┌─ SOURCE MATERIAL
Lemma trans_p_pos i j : (i < m)%nat -> (j < m)%nat -> A i j = true -> 0 < trans_p m q A t i j.
Proof.
  intros Hi Hj HA. unfold trans_p.
  rewrite (proj2 (Nat.ltb_lt i m) Hi), (proj2 (Nat.ltb_lt j m) Hj), HA. cbn.
  apply Rdiv_lt_0_compat; [|apply pow_lt]; apply t_pos; assumption.
Qed.

Lemma markov_from_nonneg i w : 0 <= markov_from m q A t i w.
Proof.
  revert i; induction w as [|j w IH]; intros i; cbn -[trans_p]; [lra|].
  apply Rmult_le_pos; [apply trans_p_nonneg|apply IH].
Qed.

Lemma markov_nonneg u : 0 <= mu u.
Proof.
  destruct u as [|i w]; cbn -[init_p]; [lra|].
  apply Rmult_le_pos; [apply init_p_nonneg|apply markov_from_nonneg].
Qed.

Lemma sum_init_p : sumR m (init_p m t) = 1.
Proof.
  transitivity (lsum (fun i => / sumR m t * t i) (seq 0 m)).
  - apply lsum_ext_in. intros i Hi. apply in_seq in Hi. unfold init_p.
    destruct (Nat.ltb_spec i m); [unfold Rdiv; ring|lia].
  - rewrite lsum_scal. apply Rinv_l, Rgt_not_eq, sumR_t_pos.
Qed.

Lemma sum_trans_p i : (i < m)%nat -> sumR m (trans_p m q A t i) = 1.
Proof.
  intros Hi. transitivity (lsum (fun j => / t i ^ q * (entry A i j * t j)) (seq 0 m)).
  - apply lsum_ext_in. intros j Hj. apply in_seq in Hj. unfold trans_p, entry.
    destruct (Nat.ltb_spec i m), (Nat.ltb_spec j m); try lia. cbn.
    destruct (A i j); [unfold Rdiv; ring|ring].
  - rewrite lsum_scal. change (lsum ?F (seq 0 m)) with (sumR m F).
    rewrite <- t_eigen by exact Hi. apply Rinv_l, Rgt_not_eq, pow_lt, t_pos, Hi.
Qed.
└─
▶ YOUR ASSIGNMENT
The answer must be every record above, repeated exactly as written.

▶ TASK OUTPUT
Lemma trans_p_pos i j : (i < m)%nat -> (j < m)%nat -> A i j = true -> 0 < trans_p m q A t i j.
Proof.
  intros Hi Hj HA. unfold trans_p.
  rewrite (proj2 (Nat.ltb_lt i m) Hi), (proj2 (Nat.ltb_lt j m) Hj), HA. cbn.
  apply Rdiv_lt_0_compat; [|apply pow_lt]; apply t_pos; assumption.
Qed.

Lemma markov_from_nonneg i w : 0 <= markov_from m q A t i w.
Proof.
  revert i; induction w as [|j w IH]; intros i; cbn -[trans_p]; [lra|].
  apply Rmult_le_pos; [apply trans_p_nonneg|apply IH].
Qed.

Lemma markov_nonneg u : 0 <= mu u.
Proof.
  destruct u as [|i w]; cbn -[init_p]; [lra|].
  apply Rmult_le_pos; [apply init_p_nonneg|apply markov_from_nonneg].
Qed.

Lemma sum_init_p : sumR m (init_p m t) = 1.
Proof.
  transitivity (lsum (fun i => / sumR m t * t i) (seq 0 m)).
  - apply lsum_ext_in. intros i Hi. apply in_seq in Hi. unfold init_p.
    destruct (Nat.ltb_spec i m); [unfold Rdiv; ring|lia].
  - rewrite lsum_scal. apply Rinv_l, Rgt_not_eq, sumR_t_pos.
Qed.

Lemma sum_trans_p i : (i < m)%nat -> sumR m (trans_p m q A t i) = 1.
Proof.
  intros Hi. transitivity (lsum (fun j => / t i ^ q * (entry A i j * t j)) (seq 0 m)).
  - apply lsum_ext_in. intros j Hj. apply in_seq in Hj. unfold trans_p, entry.
    destruct (Nat.ltb_spec i m), (Nat.ltb_spec j m); try lia. cbn.
    destruct (A i j); [unfold Rdiv; ring|ring].
  - rewrite lsum_scal. change (lsum ?F (seq 0 m)) with (sumR m F).
    rewrite <- t_eigen by exact Hi. apply Rinv_l, Rgt_not_eq, pow_lt, t_pos, Hi.
Qed.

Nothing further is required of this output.